Grundlage der Forschung ist die Kenntnis der dreidimensionalen Struktur ausgewählter pharmakologisch interessanter Rezeptoren. Forscher unterschiedlicher Disziplinen aus vier hessischen Standorten arbeiten bei „Glue“ zusammen an drei ausgewählten Rezeptoren, um Grundlagen von der Wirkstoffsynthese über die Strukturaufklärung bis hin zur Testung an Krankheitsmodellen zu erarbeiten.

Mehr Wirkung, weniger Nebenwirkung

Neben Marburg sind daran auch Forscher der Technischen Universität Darmstadt (TU Darmstadt), des Max-Planck-Institutes für Herz und Lungenforschung in Bad Nauheim sowie der Goethe-Universität Frankfurt beteiligt. Arbeitsgruppen der computergestützten Wirkstoffforschung, der pharmazeutischen Chemie, Biochemie, Strukturbiologie und Pharmakologie arbeiten zusammen. „Glue wird“ mit 4,4 Millionen Euro für eine Laufzeit bis 2023 gefördert.

Im von der TU Darmstadt koordinierten Projekt „Trabita“ geht es darum, die Struktur von flexiblen Bindetaschen zu erforschen, um die Wirkung von Medikamenten zu verbessern. Diese Struktur zu verstehen, sei wichtig für die Verbesserung der Wirkung von Medikamenten oder überhaupt erst für die Ermöglichung neuer Medikamente, erläuterte der Projektkoordinator Professor Felix Hausch. Für das Projekt „Trabita“ gibt es bis 2024 insgesamt 4,5 Millionen Euro.
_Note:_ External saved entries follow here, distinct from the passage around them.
Lemma cardLt_qOcc :
  (forall X : qT, qGood X -> forall s, cardLt (fun v => qOcc s v X) var) /\
  (forall A : qA, qGoodAbs A -> forall s, cardLt (fun v => qOccAbs s v A) var).
Proof.
  apply qterm_qabs_ind; simpl.
  - intros zs z _ s. apply (cardLt_subset _ (fun v => v = z)).
    + intros v [_ <-]. reflexivity.
    + apply cardLt_singleton; assumption.
  - intros d inp binp IHi IHb [Hdom [Hbdom [Hi Hb]]] s.
    apply cardLt_union; try assumption.
    + apply cardLt_bigunion_input; try assumption.
      intro i. specialize (IHi i); specialize (Hi i). destruct (inp i); auto.
    + apply cardLt_bigunion_input; try assumption.
      intro i. specialize (IHb i); specialize (Hb i). destruct (binp i); auto.
  - intros zs z Y IH HY s.
    apply (cardLt_subset _ (fun v => qOcc s v Y \/ v = z)).
    + intros v [[_ <-]|Hv]; auto.
    + apply cardLt_union; auto. apply cardLt_singleton; assumption.
Qed.

Ltac split_not_or :=
  repeat match goal with H : ~ (_ \/ _) |- _ => apply not_or_and in H; destruct H end.

Ltac cardLt_small :=
  repeat first
    [ assumption
    | apply (cardLt_union _ var_infinite var_regular)
    | apply (cardLt_singleton _ var_infinite)
    | apply (proj1 cardLt_qOcc) ].

Ltac pick_fresh u P :=
  destruct (cardLt_exists_notin P) as [u ?]; [cardLt_small | split_not_or].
Landesforschungsförderprogramm „Loewe“

Das Landesforschungsförderprogramm „Loewe“ (Kurzform für Landes-Offensive zur Entwicklung wissenschaftlich-ökonomischer Exzellenz) gibt es seit zwölf Jahren. Die hessische Landesregierung will die Mittel für dieses Programm schrittweise von rund 60 Millionen Euro in diesem Jahr auf 100 Millionen Euro im Jahr 2025 erhöhen.

Neben speziellen „Loewe“-Professuren können bei dem Programm „Loewe-Exploration“ Forscher künftig neuartigen, hoch innovativen Forschungsideen nachgehen: Mit zwischen 200.000 und 300.000 Euro werden sie für zwei Jahre unterstützt, um eine unkonventionelle Hypothese oder einen radikal neuen Ansatz zu testen. Ziel ist, mit dem Förderprogramm herausragende Forscher in Hessen zu halten oder nach Hessen zu holen.